Tag Archives: urban fantasy

A Look Back – Familiar

Chugging right along, here’s a look at one of my books, Familiar.  (If you’re just joining us, you might want to read this post first)

INSPIRATION – You know that archetypal witch on a broomstick that you usually see silhouetted against the moon, her black cat inexplicably riding behind her without falling off?  Usually as a Halloween decoration?

Witch and Cat

I was thinking about that image and decided to write a story from the black cat’s perspective.  But I ended up writing it from both the  cat’s and the witch’s points of view, alternating every chapter.

PLOT – A young woman named Aradia is a modern-day witch who attends college and works a part-time job, and when she’s not doing those things she’s practicing magic with her familiar, a black cat named Kemnebi (Kem for short).  Aradia and Kem soon learn that an evil, immortal shapeshifter has been summoned to do the bidding of an unknown evil mage who has a keen interest in Aradia because of her unusual connection to the elemental spirits – Fire, Water, Air, and Earth.  (Magic, in this book, is created by drawing on the power of the Spirits, which coexist with the real world and are born from strong emotions and feelings and things that cause strong emotions, like Death or a Home.  And also from just…strong things, I guess, since there are elemental spirits.)

PROBLEMS – My biggest problem, I realized after gaining a great deal more experience in the field of writing, is that Aradia is a Mary Sue.  She is beautiful, but doesn’t see herself that way, she acts cute and demure around her friends and her love interest, and she is Special in the way that needs capitalization.  There’s nothing wrong with main characters being Special, of course.  It happens all the time – Harry Potter, Clary Fray, Katniss Everdeen, to name a few – but these Special characters do need to have personalities outside of their Specialness.  Aradia does not.

“Should’ve known better than a surprise party, huh?” I heard Lynn say to Aradia.

“I’m sorry.  I shouldn’t have reacted that way, but thank you.  Now that I’m over the shock, I can acknowledge that it was a nice surprise.”

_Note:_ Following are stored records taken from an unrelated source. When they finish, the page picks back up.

(* Let $X$ be the subshift obtained from the construction described in the context, with unique shift-invariant probability measure $\mu$. Then $(X,\sigma,\mu)$ is rigid with rigidity sequence $(l_n)_{n\in\mathbb{N}}$: for every measurable set $A\subset X$, $\lim_{n\to\infty}\mu(\sigma^{l_n}A\,\triangle\,A) = 0$.
   Context: Construction. Let $l_1$ be a sufficiently large perfect square, $N_1 = 2^{\sqrt{l_1}}$, and let $\mathcal{C}_1$ be a set of $N_1$ binary words of length $l_1$. Inductively, given a set $\mathcal{C}_j$ of $N_j$ distinct words of length $l_j$ with an ordering $\mathcal{C}_j = \{u_1^{(j)},\dots,u_{N_j}^{(j)}\}$, let $P_j = \{2\}\cup\{i^2 : 2 \le i \le \lfloor\sqrt{N_j}\rfloor\}$, and let $\mathcal{C}_{j+1}$ be the set of all words $u^{(j)}_{\pi(1)}\cdots u^{(j)}_{\pi(N_j)}$ where $\pi$ ranges over permutations of $\{1,\dots,N_j\}$ fixing every element outside $P_j$; so $N_{j+1} = (\lfloor\sqrt{N_j}\rfloor)!$ and $l_{j+1} = l_jN_j$. The ordering of $\mathcal{C}_{j+1}$ is arbitrary except that its first element is $u_1^{(j)}u_2^{(j)}\cdots u_{N_j}^{(j)}$. $X\subset\{0,1\}^{\mathbb{Z}}$ is the set of bi-infinite sequences each finite subword of which is a subword of some word in $\bigcup_j\mathcal{C}_j$; it is strictly ergodic. *)

From HB Require Import structures.
From mathcomp Require Import all_boot all_order all_algebra all_fingroup.
From mathcomp Require Import all_classical all_reals all_analysis.
Set Implicit Arguments. Unset Strict Implicit. Unset Printing Implicit Defensive.
Import Order.TTheory GRing.Theory Num.Theory.
Local Open Scope classical_set_scope.

(* Bi-infinite binary sequences {0,1}^Z, with 0 = false, 1 = true. *)
Definition bseq := int -> bool.

(* Generators of the product (= Borel) sigma-algebra: the coordinate cylinders. *)
Definition cylinders : set (set bseq) :=
  fun A => exists (i : int) (b : bool), A = [set x : bseq | x i = b].

Definition Omega := g_sigma_algebraType cylinders.

Definition shiftn (n : nat) (x : Omega) : Omega := fun i => x (i + (n%:Z))%R.
Definition shift := shiftn 1.

(* The set P_j of the construction, for N = N_j (1-based positions):
   P = {2} U {i^2 : 2 <= i <= floor (sqrt N)}; note i <= floor(sqrt N) <-> i*i <= N. *)
Definition Pset (N p : nat) : Prop :=
  p = 2%N \/ exists i : nat, (2 <= i)%N /\ (i * i <= N)%N /\ p = (i * i)%N.

(* The next-level set C_{j+1} built from the ordered list s = (u_1,...,u_N) of C_j:
   all words u_{pi(1)} ... u_{pi(N)} with pi a permutation fixing every element
   outside P (positions are 0-based here: position k corresponds to k+1). *)
Definition next_words (s : seq (seq bool)) (w : seq bool) : Prop :=
  exists pi : {perm 'I_(size s)},
    (forall k : 'I_(size s), ~ Pset (size s) k.+1 -> pi k = k) /\
    w = flatten [seq nth [::] s (pi k) | k <- enum 'I_(size s)].

(* C : nat -> seq (seq bool) gives, for each j >= 1, the ordered list C_j
   (C 0 is unused).  is_construction l1 C says C is an instance of the
   construction with first length l1. *)
Definition is_construction (l1 : nat) (C : nat -> seq (seq bool)) : Prop :=
  (exists r : nat, l1 = (r * r)%N /\ size (C 1%N) = (2 ^ r)%N) /\
  uniq (C 1%N) /\ (forall w, w \in C 1%N -> size w = l1) /\
  forall j : nat, (1 <= j)%N ->
    uniq (C j.+1) /\ (forall w, w \in C j.+1 <-> next_words (C j) w) /\
    head [::] (C j.+1) = flatten (C j).

Definition wlen (C : nat -> seq (seq bool)) (j : nat) : nat := size (head [::] (C j)).

Definition subword (x : bseq) (a : int) (k : nat) : seq bool :=
  [seq x (a + (i%:Z))%R | i <- iota 0 k].

Definition subshiftX (C : nat -> seq (seq bool)) : set Omega :=
  [set x | forall (a : int) (k : nat), exists j w,
      (1 <= j)%N /\ w \in C j /\ infix (subword x a k) w].

Definition invariant_on {R : realType} (mu : probability Omega R) (X : set Omega) : Prop :=
  mu X = 1%E /\ forall A : set Omega, measurable A -> mu (shift @^-1` A) = mu A.

Definition symdiff {T} (A B : set T) : set T := (A `\` B) `|` (B `\` A).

“You certainly know how to make an entrance,” interjected Nameless-Snake-Man.

“Yes, it’s a gift,” Aradia replied. “Don’t get me wrong, I’m glad that you helped replace the bulbs, but I’m afraid I have no idea who you are.”

“Lynn invited me,” was his reply. “I’m Theo, and this is Samson.”

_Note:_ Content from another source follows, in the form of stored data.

(* Let $M$ and $M'$ be two stable matchings in an instance $I$ of SPA-S, and let $M^\lor$ be the assignment defined from $M,M'$ in the context. Then $M^\lor$ is a matching.
   Context: An instance $I$ of SPA-S consists of a finite set $\mathcal{S}$ of students, a finite set $\mathcal{P}$ of projects and a finite set $\mathcal{L}$ of lecturers. Each student $s_i$ ranks a subset $A_i\subseteq\mathcal{P}$ (its acceptable projects) in strict order. Each project is offered by exactly one lecturer; lecturer $l_k$ offers a nonempty set $P_k\subseteq\mathcal{P}$, the $P_k$ partitioning $\mathcal{P}$. Each lecturer $l_k$ ranks in strict order the students who find at least one project of $P_k$ acceptable. Projects have capacities $c_j\in\mathbb{Z}^+$, lecturers have capacities $d_k\in\mathbb{Z}^+$ with $\max\{c_j:p_j\in P_k\}\le d_k\le\sum\{c_j:p_j\in P_k\}$. A pair $(s_i,p_j)$, $p_j$ offered by $l_k$, is acceptable if $p_j\in A_i$ and $s_i$ is on $l_k$'s list. A matching $M$ is a set of acceptable pairs with each student in at most one pair, $|M(p_j)|\le c_j$, $|M(l_k)|\le d_k$, where for an assignment $M$ (a set of acceptable pairs), $M(s_i)$, $M(p_j)$, $M(l_k)$ denote the project of $s_i$, the students assigned to $p_j$, and the students assigned to projects of $l_k$. Undersubscribed/full means fewer than/exactly capacity many assigned students. An acceptable pair $(s_i,p_j)\notin M$ ($p_j$ offered by $l_k$) blocks $M$ if ($s_i$ is unassigned or prefers $p_j$ to $M(s_i)$) and one of: (P1) $p_j$ and $l_k$ undersubscribed; (P2) $p_j$ undersubscribed, $l_k$ full, $s_i\in M(l_k)$; (P3) $p_j$ undersubscribed, $l_k$ full, $l_k$ prefers $s_i$ to the worst student of $M(l_k)$; (P4) $p_j$ full and $l_k$ prefers $s_i$ to the worst student of $M(p_j)$. $M$ is stable if it has no blocking pair. Given stable matchings $M,M'$, $M^\lor$ is the assignment in which each student unassigned in both $M$ and $M'$ is unassigned, each student assigned to the same project in both is assigned to that project, and every other student is assigned to the worse (in her preference) of her projects in $M$ and $M'$. *)

From mathcomp Require Import all_boot all_order.
Set Implicit Arguments. Unset Strict Implicit. Unset Printing Implicit Defensive.

Record SPAS (S P L : finType) := {
  spref : S -> seq P;     (* student's ranked list of acceptable projects, best first *)
  lpref : L -> seq S;     (* lecturer's ranked list of students, best first *)
  offer : P -> L;
  pcap  : P -> nat;
  lcap  : L -> nat
}.

Section SPAS_defs.
Variables (S P L : finType) (I : SPAS S P L).

Definition offered (l : L) : {set P} := [set p | offer I p == l].

Definition prefers (T : eqType) (r : seq T) (x y : T) : bool :=
  (x \in r) && (index x r < index y r).

Definition valid_instance : Prop :=
  [/\ forall s, uniq (spref I s),
      forall l, uniq (lpref I l),
      forall l s, (s \in lpref I l) = [exists p, (p \in spref I s) && (offer I p == l)],
      forall l, offered l != set0
    & (forall p, 0 < pcap I p) /\ forall l, (\max_(p in offered l) pcap I p <= lcap I l)
                /\ (lcap I l <= \sum_(p in offered l) pcap I p)].

Definition acceptable (s : S) (p : P) : bool :=
  (p \in spref I s) && (s \in lpref I (offer I p)).

Definition Mp (M : {set S * P}) (p : P) : {set S} := [set s | (s, p) \in M].
Definition Ml (M : {set S * P}) (l : L) : {set S} :=
  [set s | [exists p, ((s, p) \in M) && (offer I p == l)]].

Definition is_matching (M : {set S * P}) : Prop :=
  [/\ forall s p, (s, p) \in M -> acceptable s p,
      forall s p p', (s, p) \in M -> (s, p') \in M -> p = p',
      forall p, #|Mp M p| <= pcap I p
    & forall l, #|Ml M l| <= lcap I l].

Definition p_under M p := #|Mp M p| < pcap I p.
Definition p_full M p := #|Mp M p| == pcap I p.
Definition l_under M l := #|Ml M l| < lcap I l.
Definition l_full M l := #|Ml M l| == lcap I l.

He pointed to the snake around his neck as he spoke the second name, and it responded by turning its fluttering tongue in Aradia’s direction.

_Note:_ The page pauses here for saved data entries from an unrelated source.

(* Let $a>1$, $d\ge 4$, and let $G$ be generated by the security model $\mathcal{S}(n,a,d)$. Let $T_1=\log^{a+1} n$ and let $C_t$ be the set of colors appearing in $G_t$ (the graph at the end of time step $t$). Then with probability $1-o(1)$, for all $t$ with $T_1\le t\le n$, $$\frac{t}{2\log^a t}\le |C_t|\le \frac{2t}{\log^a t}.$$
   Context: Security model $\mathcal{S}(n,a,d)$ (homophyly exponent $a$, natural number $d$): start with an initial graph $G_2$ on two nodes, each of which is a seed node with its own distinct color. For $i=3,\dots,n$, given $G_{i-1}$, let $p_i=(\log i)^{-a}$ and create a new node $v$. With probability $p_i$, $v$ receives a brand-new color $c$ and is called the seed node of $c$; then one edge $(v,u)$ is added with $u$ chosen with probability proportional to degrees in $G_{i-1}$, and $d-1$ edges $(v,u_j)$ are added, each $u_j$ chosen uniformly at random among all seed nodes of $G_{i-1}$. Otherwise, $v$ picks a color $c$ uniformly at random among all colors present in $G_{i-1}$, takes color $c$, and $d$ edges $(v,u_j)$ are added, each $u_j$ chosen with probability proportional to degree among the nodes of color $c$ in $G_{i-1}$. The network is $G=G_n$, and step $i$ is the step creating the $i$-th node. *)

From Stdlib Require Import Reals Lra List Arith.
Import ListNotations.
Open Scope R_scope.

Definition dist (A : Type) := list (R * A).

Definition dret {A} (x : A) : dist A := [(1, x)].

Definition dbind {A B} (m : dist A) (f : A -> dist B) : dist B :=
  flat_map (fun px => map (fun qy => (fst px * fst qy, snd qy)) (f (snd px))) m.

Definition dflip (p : R) : dist bool := [(p, true); (1 - p, false)].

Definition duniform {A} (l : list A) : dist A :=
  map (fun x => (/ INR (length l), x)) l.

Definition dweighted {A} (w : A -> nat) (l : list A) : dist A :=
  let W := fold_right (fun x s => (w x + s)%nat) 0%nat l in
  map (fun x => (INR (w x) / INR W, x)) l.

Fixpoint dreplicate {A} (k : nat) (m : dist A) : dist (list A) :=
  match k with
  | O => dret []
  | S k' => dbind m (fun x => dbind (dreplicate k' m) (fun xs => dret (x :: xs)))
  end.

Definition dprob {A} (m : dist A) (P : A -> bool) : R :=
  fold_right (fun px s => (if P (snd px) then fst px else 0) + s) 0 m.

(* Nodes are 0, 1, ..., (length cols - 1); node k is the (k+1)-th node.
   cols k = colour of node k, seeds k = whether node k is a seed node,
   edges = multiset of (undirected) edges, ncol = number of colours created
   so far (colours are 0 .. ncol-1). *)
Record graph := mkGraph {
  cols : list nat;
  seeds : list bool;
  edges : list (nat * nat);
  ncol : nat }.

Definition nodes (g : graph) : list nat := seq 0 (length (cols g)).

Definition degree (g : graph) (u : nat) : nat :=
  length (filter (fun e => orb (Nat.eqb (fst e) u) (Nat.eqb (snd e) u)) (edges g)).

Definition seed_nodes (g : graph) : list nat :=
  filter (fun u => nth u (seeds g) false) (nodes g).

Definition color_nodes (g : graph) (c : nat) : list nat :=
  filter (fun u => Nat.eqb (nth u (cols g) 0%nat) c) (nodes g).

Definition colors (g : graph) : list nat := nodup Nat.eq_dec (cols g).
Definition ncolors (g : graph) : nat := length (colors g).

Definition G2 : graph := mkGraph [0%nat; 1%nat] [true; true] [(0%nat, 1%nat)] 2.

Definition p_new (a : R) (i : nat) : R := Rpower (ln (INR i)) (- a).

(* step i: from G_{i-1} to G_i *)
Definition step (a : R) (d : nat) (i : nat) (g : graph) : dist graph :=
  let v := length (cols g) in
  dbind (dflip (p_new a i)) (fun b =>
    if b then
      dbind (dweighted (degree g) (nodes g)) (fun u =>
      dbind (dreplicate (d - 1) (duniform (seed_nodes g))) (fun us =>
      dret (mkGraph (cols g ++ [ncol g]) (seeds g ++ [true])
                    (edges g ++ map (fun w => (v, w)) (u :: us)) (S (ncol g)))))
    else
      dbind (duniform (seq 0 (ncol g))) (fun c =>
      dbind (dreplicate d (dweighted (degree g) (color_nodes g c))) (fun us =>
      dret (mkGraph (cols g ++ [c]) (seeds g ++ [false])
                    (edges g ++ map (fun w => (v, w)) us) (ncol g))))).

(* run m : distribution of the history [G_{m+2}; G_{m+1}; ...; G_2] *)
Fixpoint run (a : R) (d : nat) (m : nat) : dist (list graph) :=
  match m with
  | O => dret [G2]
  | S m' => dbind (run a d m') (fun h =>
      match h with
      | g :: _ => dbind (step a d (m' + 3) g) (fun g' => dret (g' :: h))
      | [] => dret []
      end)
  end.

Definition history (a : R) (d n : nat) : dist (list graph) := run a d (n - 2).

(* G_t extracted from the history [G_n; ...; G_2] (for 2 <= t <= n) *)
Definition G_at (n : nat) (h : list graph) (t : nat) : graph := nth (n - t) h G2.

Definition Rleb (x y : R) : bool := if Rle_dec x y then true else false.

Definition color_bound_event (a : R) (n : nat) (h : list graph) : bool :=
  forallb (fun t =>
     orb (negb (Rleb (Rpower (ln (INR n)) (a + 1)) (INR t)))
     (andb (Rleb (INR t / (2 * Rpower (ln (INR t)) a)) (INR (ncolors (G_at n h t))))
           (Rleb (INR (ncolors (G_at n h t))) (2 * INR t / Rpower (ln (INR t)) a))))
   (seq 2 (n - 1)).

(* In every outcome of the model the number of colours of G_t equals the colour counter, which
   grows by one at step i with probability p_i = log^{-a} i whatever edges are drawn.  For large t the mean mu_t lies between t / log^a t and
   (8/5) t / log^a t and the variance is at most mu_t, so Markov's inequality for the fourth
   central moment bounds the probability that |C_t| leaves [t / (2 log^a t), 2 t / log^a t]
   by O(mu_t^{-2}) = O(t^{-3/2}).  A union bound over t >= T_1 gives a failure probability of
   O(T_1^{-1/2}), which tends to 0 since T_1 = log^{a+1} n does. *)

From Pilot Require Import Defs.
From Stdlib Require Import Reals List.
Open Scope R_scope.
From Stdlib Require Import Lra Lia Permutation.
Import ListNotations.

(* [Defs.dist] is qualified because [Reals] exports a metric-space [dist]. *)
Definition expect {A} (m : Defs.dist A) (F : A -> R) : R :=
  fold_right (fun px s => fst px * F (snd px) + s) 0 m.

Definition mass {A} (m : Defs.dist A) : R := expect m (fun _ => 1).

Definition nonneg {A} (m : Defs.dist A) : Prop := forall p x, In (p, x) m -> 0 <= p.

Definition sumR {X} (f : X -> R) (l : list X) : R := fold_right (fun x s => f x + s) 0 l.

Lemma sumR_le {X} (f g : X -> R) l :
  (forall x, In x l -> f x <= g x) -> sumR f l <= sumR g l.
Proof.
  induction l as [|x l IH]; simpl; intros H; [lra|].
  assert (f x <= g x) by auto.
  assert (sumR f l <= sumR g l) by (apply IH; auto).
  lra.
Qed.

Lemma eq_sumR {X} (f g : X -> R) l : (forall x, f x = g x) -> sumR f l = sumR g l.
Proof. intros H; induction l as [|x l IH]; simpl; [reflexivity|]. now rewrite H, IH. Qed.

Lemma sumR_const {X} c (l : list X) : sumR (fun _ => c) l = INR (length l) * c.
Proof.
  induction l as [|x l IH]; simpl sumR; [simpl; ring|].
  rewrite IH; cbn [length]; rewrite S_INR; ring.
Qed.

Lemma sumR_nonneg {X} (f : X -> R) l : (forall x, In x l -> 0 <= f x) -> 0 <= sumR f l.
Proof.
  intros H. apply Rle_trans with (sumR (fun _ => 0) l); [|now apply sumR_le].
  rewrite sumR_const; lra.
Qed.

Lemma sumR_scal {X} c (f : X -> R) l : sumR (fun x => c * f x) l = c * sumR f l.
Proof. induction l as [|x l IH]; simpl; [ring|]. rewrite IH; ring. Qed.

Lemma INR_fold_add {X} (w : X -> nat) l :
  INR (fold_right (fun x s => (w x + s)%nat) 0%nat l) = sumR (fun x => INR (w x)) l.
Proof. induction l as [|x l IH]; simpl; [reflexivity|]. now rewrite plus_INR, IH. Qed.

Lemma eq_forallb {X} (f g : X -> bool) l : (forall x, f x = g x) -> forallb f l = forallb g l.
Proof. intros H; induction l as [|x l IH]; simpl; [reflexivity|]. now rewrite H, IH. Qed.

Lemma dprob_expect {A} (m : Defs.dist A) P :
  dprob m P = expect m (fun x => if P x then 1 else 0).
Proof.
  induction m as [|[p x] m IH]; simpl; [reflexivity|].
  rewrite IH; destruct (P x); ring.
Qed.

Lemma expect_app {A} (m1 m2 : Defs.dist A) F : expect (m1 ++ m2) F = expect m1 F + expect m2 F.
Proof. induction m1 as [|[p x] m IH]; simpl; [ring|]. rewrite IH; ring. Qed.

Lemma expect_dbind {A B} (m : Defs.dist A) (f : A -> Defs.dist B) F :
  expect (dbind m f) F = expect m (fun x => expect (f x) F).
Proof.
  assert (Hscale : forall c (l : Defs.dist B),
    expect (map (fun qy => (c * fst qy, snd qy)) l) F = c * expect l F).
  { induction l as [|[q y] l IH]; simpl; [ring|]. rewrite IH; ring. }
  unfold dbind. induction m as [|[p x] m IH]; simpl; [reflexivity|].
  rewrite expect_app, IH, Hscale. reflexivity.
Qed.

Lemma expect_dret {A} (x : A) F : expect (dret x) F = F x.
Proof. unfold dret; simpl; ring. Qed.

“It’s nice to meet you both,” Aradia said politely. “It looks like you’re not the only one to have brought a pet.  Have you met mine?  Come here, Kem.”

So that was the biggest problem I could think of.  Aradia was a Mary Sue who easily fell in love with Sean – the love interest who has a wolf familiar named Circe – in a matter of days.  And he fell in love with her.  And that led to INCREDIBLY embarrassing dialogue like:

“You’re lying to yourself, Aradia,” Sean stated. “Do you understand that?  You’re so afraid of hurting someone, you won’t even let yourself try and see if you’d actually do it.  Deep down you know you can control it, but you refuse to believe it.”

“Sure I can try to control it, but what if I mess up?  I don’t want to take that chance.  It would be too painful, and I don’t think I would ever be able to recover from it.  Would you please just let me go?”

“Well, I don’t mind taking that chance at all, and I’m not letting you go.  If you leave then you’ll be taking my heart with you and then I’ll never see it again.”

Ooey Gooey Schmaltz

Why did this happen?  Because Familiar, as well as a number of other books, was written in a time when I was trying desperately to live vicariously through my characters.  I wanted a boyfriend and a relationship so badly that many of the books I wrote ended up being about a stupid, sappy, romance-novel-worthy relationship with only a shaky plot that was added in as an afterthought.  I also contributed my own self-consciousness and low self esteem, making a character who thought herself plain but was actually beautiful, since that is what I so wanted to be true of me.  I, like many young men and women of a certain age and awkwardness, wished fervently for some prince to come along and tell me how wrong I was about my looks, how I was a beautiful thing to behold and all my self-consciousness was unfounded.  Since I didn’t see that happening anytime soon, I made it happen again and again in my books.  And my writing suffered for it.  So…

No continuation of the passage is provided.